- **Work to be completed**
Copy out the entries below exactly as they stand, but only from the line containing "Proof. by rewrite /lbr subrr scaler0. Qed." through the line containing "Lemma lbr_sumr (s".

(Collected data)
- - - - -

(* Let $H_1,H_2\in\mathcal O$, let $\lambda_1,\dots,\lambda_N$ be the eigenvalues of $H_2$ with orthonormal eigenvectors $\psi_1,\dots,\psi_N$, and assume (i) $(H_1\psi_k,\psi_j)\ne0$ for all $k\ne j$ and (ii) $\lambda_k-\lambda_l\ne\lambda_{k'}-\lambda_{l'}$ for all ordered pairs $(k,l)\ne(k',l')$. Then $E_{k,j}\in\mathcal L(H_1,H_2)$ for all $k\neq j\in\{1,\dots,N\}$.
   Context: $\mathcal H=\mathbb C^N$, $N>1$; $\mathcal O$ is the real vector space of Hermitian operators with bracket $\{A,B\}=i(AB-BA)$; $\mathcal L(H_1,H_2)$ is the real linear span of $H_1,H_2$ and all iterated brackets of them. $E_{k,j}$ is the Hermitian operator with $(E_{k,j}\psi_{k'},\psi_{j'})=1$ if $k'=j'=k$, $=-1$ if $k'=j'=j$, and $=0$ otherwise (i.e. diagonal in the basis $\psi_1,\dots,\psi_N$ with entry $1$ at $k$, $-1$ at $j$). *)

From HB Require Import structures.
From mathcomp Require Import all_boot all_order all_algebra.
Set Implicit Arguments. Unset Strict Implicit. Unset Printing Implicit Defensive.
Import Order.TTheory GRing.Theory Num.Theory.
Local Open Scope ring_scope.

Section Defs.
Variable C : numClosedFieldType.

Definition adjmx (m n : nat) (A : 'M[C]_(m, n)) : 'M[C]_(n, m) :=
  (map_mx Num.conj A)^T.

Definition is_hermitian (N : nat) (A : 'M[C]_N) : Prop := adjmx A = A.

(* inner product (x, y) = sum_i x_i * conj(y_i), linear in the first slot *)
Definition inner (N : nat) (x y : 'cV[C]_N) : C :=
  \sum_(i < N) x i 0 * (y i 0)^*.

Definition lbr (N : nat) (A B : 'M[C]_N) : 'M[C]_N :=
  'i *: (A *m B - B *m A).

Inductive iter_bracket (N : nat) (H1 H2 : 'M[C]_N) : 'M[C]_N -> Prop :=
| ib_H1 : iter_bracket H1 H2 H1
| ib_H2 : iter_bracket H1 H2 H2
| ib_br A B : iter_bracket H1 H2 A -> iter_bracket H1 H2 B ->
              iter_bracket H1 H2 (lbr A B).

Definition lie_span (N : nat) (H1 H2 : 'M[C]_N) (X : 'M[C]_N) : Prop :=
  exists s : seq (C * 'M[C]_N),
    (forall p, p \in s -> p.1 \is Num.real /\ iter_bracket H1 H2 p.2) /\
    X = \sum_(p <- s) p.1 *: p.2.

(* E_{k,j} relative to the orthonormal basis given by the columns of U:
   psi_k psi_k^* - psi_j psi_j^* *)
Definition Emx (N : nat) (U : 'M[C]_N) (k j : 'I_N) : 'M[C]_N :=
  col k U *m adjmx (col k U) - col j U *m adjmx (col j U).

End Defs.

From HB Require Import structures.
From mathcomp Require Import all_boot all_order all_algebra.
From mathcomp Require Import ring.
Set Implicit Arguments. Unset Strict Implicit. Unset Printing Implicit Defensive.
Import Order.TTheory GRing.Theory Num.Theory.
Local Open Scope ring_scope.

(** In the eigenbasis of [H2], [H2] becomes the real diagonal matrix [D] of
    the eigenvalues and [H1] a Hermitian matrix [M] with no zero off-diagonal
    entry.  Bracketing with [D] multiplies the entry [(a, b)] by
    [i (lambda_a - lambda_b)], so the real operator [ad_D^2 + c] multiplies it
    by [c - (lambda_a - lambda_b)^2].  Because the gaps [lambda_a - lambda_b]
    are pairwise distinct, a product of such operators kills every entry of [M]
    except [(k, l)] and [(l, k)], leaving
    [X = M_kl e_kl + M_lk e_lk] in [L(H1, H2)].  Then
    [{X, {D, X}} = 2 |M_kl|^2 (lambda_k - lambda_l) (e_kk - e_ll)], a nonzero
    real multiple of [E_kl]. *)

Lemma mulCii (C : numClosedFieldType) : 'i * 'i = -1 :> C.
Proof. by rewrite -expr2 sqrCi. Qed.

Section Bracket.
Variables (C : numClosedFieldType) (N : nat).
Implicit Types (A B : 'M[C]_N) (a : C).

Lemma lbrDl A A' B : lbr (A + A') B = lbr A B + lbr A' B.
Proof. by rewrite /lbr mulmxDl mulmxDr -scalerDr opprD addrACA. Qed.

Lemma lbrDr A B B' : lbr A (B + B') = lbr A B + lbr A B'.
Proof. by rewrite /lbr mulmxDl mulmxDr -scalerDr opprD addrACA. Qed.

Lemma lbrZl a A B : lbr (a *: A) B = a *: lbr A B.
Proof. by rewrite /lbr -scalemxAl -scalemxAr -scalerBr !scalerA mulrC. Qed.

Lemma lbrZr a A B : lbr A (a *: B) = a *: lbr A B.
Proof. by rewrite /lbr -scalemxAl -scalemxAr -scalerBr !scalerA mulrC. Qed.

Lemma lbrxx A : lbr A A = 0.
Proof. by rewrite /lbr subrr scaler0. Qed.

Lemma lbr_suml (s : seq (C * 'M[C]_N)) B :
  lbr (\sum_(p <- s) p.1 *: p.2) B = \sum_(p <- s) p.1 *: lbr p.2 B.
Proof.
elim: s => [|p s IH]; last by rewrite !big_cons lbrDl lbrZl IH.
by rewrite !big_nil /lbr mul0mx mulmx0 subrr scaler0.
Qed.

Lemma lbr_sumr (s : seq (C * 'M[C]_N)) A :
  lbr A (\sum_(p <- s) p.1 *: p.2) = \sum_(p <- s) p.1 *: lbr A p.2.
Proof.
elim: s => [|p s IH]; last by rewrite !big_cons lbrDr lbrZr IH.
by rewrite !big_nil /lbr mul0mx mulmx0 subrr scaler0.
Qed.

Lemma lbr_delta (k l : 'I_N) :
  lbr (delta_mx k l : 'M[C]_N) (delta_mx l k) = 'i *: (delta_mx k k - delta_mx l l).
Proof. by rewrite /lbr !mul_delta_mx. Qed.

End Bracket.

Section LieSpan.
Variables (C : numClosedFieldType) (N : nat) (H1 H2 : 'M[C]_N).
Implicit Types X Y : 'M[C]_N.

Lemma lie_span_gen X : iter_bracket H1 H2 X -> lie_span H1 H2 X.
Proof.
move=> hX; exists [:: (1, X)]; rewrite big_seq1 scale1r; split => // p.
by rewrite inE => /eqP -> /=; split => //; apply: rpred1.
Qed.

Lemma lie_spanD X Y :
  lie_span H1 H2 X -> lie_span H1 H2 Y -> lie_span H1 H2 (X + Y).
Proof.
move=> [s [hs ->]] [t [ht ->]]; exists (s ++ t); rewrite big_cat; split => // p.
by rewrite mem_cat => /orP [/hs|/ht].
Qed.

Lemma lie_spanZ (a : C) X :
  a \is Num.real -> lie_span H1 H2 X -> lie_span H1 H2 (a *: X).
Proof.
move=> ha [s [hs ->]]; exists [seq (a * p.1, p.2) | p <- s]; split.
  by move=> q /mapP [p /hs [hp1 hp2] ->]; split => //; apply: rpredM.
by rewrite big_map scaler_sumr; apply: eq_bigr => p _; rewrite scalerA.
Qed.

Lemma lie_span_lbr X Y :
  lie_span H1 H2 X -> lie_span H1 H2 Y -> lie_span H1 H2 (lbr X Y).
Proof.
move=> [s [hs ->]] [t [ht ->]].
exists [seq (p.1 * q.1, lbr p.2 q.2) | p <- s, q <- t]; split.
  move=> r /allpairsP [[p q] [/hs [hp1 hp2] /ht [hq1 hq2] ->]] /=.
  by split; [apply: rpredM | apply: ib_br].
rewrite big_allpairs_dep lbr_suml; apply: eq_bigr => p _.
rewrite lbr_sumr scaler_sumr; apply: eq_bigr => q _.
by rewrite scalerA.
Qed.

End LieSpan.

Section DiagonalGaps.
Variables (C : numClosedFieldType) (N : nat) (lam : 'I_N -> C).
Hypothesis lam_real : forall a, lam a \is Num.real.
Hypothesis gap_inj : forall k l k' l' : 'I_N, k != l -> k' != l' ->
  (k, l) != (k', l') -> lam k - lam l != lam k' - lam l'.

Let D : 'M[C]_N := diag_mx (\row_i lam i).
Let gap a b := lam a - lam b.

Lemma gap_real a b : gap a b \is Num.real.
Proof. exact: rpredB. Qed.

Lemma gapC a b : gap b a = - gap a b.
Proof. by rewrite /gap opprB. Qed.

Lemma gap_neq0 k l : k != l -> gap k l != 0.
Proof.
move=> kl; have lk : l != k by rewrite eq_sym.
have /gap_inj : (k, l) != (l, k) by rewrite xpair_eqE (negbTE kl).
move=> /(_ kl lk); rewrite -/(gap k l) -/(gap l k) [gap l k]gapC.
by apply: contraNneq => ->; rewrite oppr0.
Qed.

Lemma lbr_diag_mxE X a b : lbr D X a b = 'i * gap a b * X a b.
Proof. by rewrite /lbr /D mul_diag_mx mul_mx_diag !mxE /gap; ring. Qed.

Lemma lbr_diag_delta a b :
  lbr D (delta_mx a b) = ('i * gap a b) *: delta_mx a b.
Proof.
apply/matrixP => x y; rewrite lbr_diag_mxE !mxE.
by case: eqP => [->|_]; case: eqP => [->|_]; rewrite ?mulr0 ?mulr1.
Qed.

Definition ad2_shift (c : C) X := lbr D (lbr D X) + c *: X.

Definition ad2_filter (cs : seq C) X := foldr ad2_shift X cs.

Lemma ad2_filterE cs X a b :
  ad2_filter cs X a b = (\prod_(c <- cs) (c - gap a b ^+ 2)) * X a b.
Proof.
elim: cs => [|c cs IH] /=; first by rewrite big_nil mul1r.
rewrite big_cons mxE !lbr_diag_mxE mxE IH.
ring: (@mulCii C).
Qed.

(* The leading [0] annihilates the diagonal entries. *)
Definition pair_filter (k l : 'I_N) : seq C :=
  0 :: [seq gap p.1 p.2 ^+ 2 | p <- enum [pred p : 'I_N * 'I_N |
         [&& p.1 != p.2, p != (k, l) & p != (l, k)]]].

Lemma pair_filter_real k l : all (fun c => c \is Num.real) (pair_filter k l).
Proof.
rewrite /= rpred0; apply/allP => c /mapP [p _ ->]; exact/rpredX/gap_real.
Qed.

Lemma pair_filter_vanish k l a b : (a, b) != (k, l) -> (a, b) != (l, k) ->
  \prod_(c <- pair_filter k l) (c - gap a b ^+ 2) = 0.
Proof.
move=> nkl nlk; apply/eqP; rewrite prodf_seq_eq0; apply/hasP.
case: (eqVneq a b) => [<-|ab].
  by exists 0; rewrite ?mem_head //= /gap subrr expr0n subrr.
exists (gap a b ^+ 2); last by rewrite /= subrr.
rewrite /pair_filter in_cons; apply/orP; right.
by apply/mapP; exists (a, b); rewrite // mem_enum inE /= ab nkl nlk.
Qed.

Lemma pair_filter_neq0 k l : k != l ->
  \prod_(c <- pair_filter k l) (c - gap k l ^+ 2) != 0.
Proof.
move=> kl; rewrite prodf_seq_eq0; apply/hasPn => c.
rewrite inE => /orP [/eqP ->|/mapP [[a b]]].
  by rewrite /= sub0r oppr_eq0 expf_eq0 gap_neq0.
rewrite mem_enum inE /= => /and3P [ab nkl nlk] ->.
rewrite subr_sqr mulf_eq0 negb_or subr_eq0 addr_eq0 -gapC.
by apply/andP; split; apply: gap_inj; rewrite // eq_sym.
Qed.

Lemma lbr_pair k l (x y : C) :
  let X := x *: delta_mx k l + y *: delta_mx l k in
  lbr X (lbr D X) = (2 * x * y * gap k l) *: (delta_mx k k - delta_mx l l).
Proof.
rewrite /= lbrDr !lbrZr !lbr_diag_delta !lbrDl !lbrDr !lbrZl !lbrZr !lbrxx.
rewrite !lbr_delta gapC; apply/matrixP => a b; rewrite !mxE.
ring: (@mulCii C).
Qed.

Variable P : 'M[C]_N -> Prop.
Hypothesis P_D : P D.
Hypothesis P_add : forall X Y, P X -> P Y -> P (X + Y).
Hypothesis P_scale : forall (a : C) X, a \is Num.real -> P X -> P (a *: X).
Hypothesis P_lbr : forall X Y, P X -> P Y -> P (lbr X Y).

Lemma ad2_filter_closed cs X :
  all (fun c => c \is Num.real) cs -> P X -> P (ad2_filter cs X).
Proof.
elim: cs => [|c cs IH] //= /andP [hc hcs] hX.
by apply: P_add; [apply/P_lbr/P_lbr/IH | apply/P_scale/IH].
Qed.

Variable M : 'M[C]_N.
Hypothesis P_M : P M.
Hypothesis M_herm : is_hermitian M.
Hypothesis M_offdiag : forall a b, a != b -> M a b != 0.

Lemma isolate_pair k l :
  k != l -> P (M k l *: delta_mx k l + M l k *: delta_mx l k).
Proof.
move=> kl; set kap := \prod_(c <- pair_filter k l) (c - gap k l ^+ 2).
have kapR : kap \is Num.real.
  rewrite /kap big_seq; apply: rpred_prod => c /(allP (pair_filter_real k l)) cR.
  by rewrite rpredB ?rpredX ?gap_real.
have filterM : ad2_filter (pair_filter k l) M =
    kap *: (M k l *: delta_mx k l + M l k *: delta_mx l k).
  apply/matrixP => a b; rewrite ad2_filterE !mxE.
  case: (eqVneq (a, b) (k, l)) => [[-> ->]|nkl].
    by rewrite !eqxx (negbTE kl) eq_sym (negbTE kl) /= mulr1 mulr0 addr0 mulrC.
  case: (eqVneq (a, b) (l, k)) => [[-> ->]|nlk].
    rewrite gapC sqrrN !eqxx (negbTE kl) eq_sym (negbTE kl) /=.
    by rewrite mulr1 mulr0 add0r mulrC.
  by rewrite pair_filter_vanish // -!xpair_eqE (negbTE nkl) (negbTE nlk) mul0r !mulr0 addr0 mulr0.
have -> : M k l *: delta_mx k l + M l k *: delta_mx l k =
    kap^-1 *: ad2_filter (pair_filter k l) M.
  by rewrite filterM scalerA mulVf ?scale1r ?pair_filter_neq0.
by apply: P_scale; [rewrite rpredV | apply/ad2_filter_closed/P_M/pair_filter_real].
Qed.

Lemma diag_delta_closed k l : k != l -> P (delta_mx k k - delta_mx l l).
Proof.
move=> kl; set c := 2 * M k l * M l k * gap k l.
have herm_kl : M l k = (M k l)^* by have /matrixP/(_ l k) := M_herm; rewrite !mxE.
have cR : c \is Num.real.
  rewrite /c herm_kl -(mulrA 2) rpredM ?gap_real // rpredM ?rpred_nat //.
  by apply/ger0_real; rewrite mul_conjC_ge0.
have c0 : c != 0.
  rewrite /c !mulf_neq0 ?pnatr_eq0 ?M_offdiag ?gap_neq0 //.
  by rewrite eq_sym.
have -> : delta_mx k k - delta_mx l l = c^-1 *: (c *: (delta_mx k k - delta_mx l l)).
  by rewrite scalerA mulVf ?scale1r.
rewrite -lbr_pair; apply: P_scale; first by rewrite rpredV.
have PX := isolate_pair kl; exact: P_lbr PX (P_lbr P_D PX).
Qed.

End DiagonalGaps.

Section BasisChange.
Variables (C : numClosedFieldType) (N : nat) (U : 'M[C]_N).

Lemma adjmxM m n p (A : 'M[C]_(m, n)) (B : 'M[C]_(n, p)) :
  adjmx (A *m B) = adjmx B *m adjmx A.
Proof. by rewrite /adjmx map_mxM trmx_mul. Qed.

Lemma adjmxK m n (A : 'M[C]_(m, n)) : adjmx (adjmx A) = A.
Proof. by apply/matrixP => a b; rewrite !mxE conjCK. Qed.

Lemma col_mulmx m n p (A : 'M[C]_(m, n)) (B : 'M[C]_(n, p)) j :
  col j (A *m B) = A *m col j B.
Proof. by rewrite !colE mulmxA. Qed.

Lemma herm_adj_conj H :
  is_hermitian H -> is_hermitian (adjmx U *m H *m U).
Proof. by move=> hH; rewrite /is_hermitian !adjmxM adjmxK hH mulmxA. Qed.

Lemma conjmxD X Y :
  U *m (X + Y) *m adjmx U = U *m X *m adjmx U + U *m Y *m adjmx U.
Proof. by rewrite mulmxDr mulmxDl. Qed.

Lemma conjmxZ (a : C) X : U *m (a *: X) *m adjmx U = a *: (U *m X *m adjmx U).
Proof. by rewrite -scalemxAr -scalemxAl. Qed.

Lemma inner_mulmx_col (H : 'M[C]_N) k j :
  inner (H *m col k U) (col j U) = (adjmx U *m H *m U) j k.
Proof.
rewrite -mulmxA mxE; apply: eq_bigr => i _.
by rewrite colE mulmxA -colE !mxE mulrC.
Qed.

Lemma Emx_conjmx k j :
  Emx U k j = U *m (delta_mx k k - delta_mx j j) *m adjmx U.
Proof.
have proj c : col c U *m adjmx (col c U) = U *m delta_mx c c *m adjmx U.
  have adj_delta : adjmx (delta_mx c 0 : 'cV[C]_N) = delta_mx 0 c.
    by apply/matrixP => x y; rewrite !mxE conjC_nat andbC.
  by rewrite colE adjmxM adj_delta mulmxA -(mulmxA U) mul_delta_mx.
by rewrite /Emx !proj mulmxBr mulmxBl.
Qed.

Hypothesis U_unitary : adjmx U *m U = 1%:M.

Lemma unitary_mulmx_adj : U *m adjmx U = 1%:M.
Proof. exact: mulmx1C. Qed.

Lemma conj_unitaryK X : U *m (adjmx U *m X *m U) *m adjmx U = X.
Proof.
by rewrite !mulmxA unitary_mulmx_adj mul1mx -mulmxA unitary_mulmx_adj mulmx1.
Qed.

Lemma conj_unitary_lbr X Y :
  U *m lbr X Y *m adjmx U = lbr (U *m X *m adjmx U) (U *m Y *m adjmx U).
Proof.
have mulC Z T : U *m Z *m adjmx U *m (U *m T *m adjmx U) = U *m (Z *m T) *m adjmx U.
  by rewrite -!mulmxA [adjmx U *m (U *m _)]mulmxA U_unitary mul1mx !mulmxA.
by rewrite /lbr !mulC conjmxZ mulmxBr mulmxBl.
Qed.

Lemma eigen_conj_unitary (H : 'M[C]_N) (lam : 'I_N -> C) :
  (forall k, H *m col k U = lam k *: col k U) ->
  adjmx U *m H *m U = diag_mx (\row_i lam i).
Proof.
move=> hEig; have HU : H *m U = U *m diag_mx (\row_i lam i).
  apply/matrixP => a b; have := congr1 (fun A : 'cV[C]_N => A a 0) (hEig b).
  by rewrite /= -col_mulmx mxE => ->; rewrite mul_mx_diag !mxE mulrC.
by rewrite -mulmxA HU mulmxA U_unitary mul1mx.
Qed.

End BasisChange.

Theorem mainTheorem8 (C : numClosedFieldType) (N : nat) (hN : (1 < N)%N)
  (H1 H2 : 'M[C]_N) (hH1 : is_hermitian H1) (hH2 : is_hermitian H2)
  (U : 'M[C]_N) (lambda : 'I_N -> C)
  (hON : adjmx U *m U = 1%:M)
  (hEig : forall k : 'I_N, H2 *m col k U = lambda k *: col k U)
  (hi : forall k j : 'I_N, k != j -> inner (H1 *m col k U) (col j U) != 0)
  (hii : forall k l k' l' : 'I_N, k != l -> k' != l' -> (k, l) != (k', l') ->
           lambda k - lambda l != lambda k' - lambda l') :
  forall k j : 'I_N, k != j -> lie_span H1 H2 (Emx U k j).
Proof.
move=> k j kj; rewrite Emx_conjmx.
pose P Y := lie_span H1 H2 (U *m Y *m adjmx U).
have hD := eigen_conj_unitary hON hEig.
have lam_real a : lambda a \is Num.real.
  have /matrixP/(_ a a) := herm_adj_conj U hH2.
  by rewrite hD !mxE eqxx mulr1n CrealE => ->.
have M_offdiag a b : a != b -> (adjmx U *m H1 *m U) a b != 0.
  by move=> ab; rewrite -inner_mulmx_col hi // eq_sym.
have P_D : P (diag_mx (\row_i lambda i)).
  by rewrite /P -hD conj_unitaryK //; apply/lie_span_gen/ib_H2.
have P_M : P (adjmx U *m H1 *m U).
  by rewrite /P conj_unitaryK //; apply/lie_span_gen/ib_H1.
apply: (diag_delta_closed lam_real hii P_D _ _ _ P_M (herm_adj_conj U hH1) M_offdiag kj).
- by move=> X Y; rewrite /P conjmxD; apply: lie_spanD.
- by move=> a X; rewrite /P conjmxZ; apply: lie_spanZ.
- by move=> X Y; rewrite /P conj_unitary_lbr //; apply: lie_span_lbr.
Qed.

- - - - -

- **Expected answer**
Proof. by rewrite /lbr subrr scaler0. Qed.

Lemma lbr_suml (s : seq (C * 'M[C]_N)) B :
  lbr (\sum_(p <- s) p.1 *: p.2) B = \sum_(p <- s) p.1 *: lbr p.2 B.
Proof.
elim: s => [|p s IH]; last by rewrite !big_cons lbrDl lbrZl IH.
by rewrite !big_nil /lbr mul0mx mulmx0 subrr scaler0.
Qed.

Lemma lbr_sumr (s : seq (C * 'M[C]_N)) A :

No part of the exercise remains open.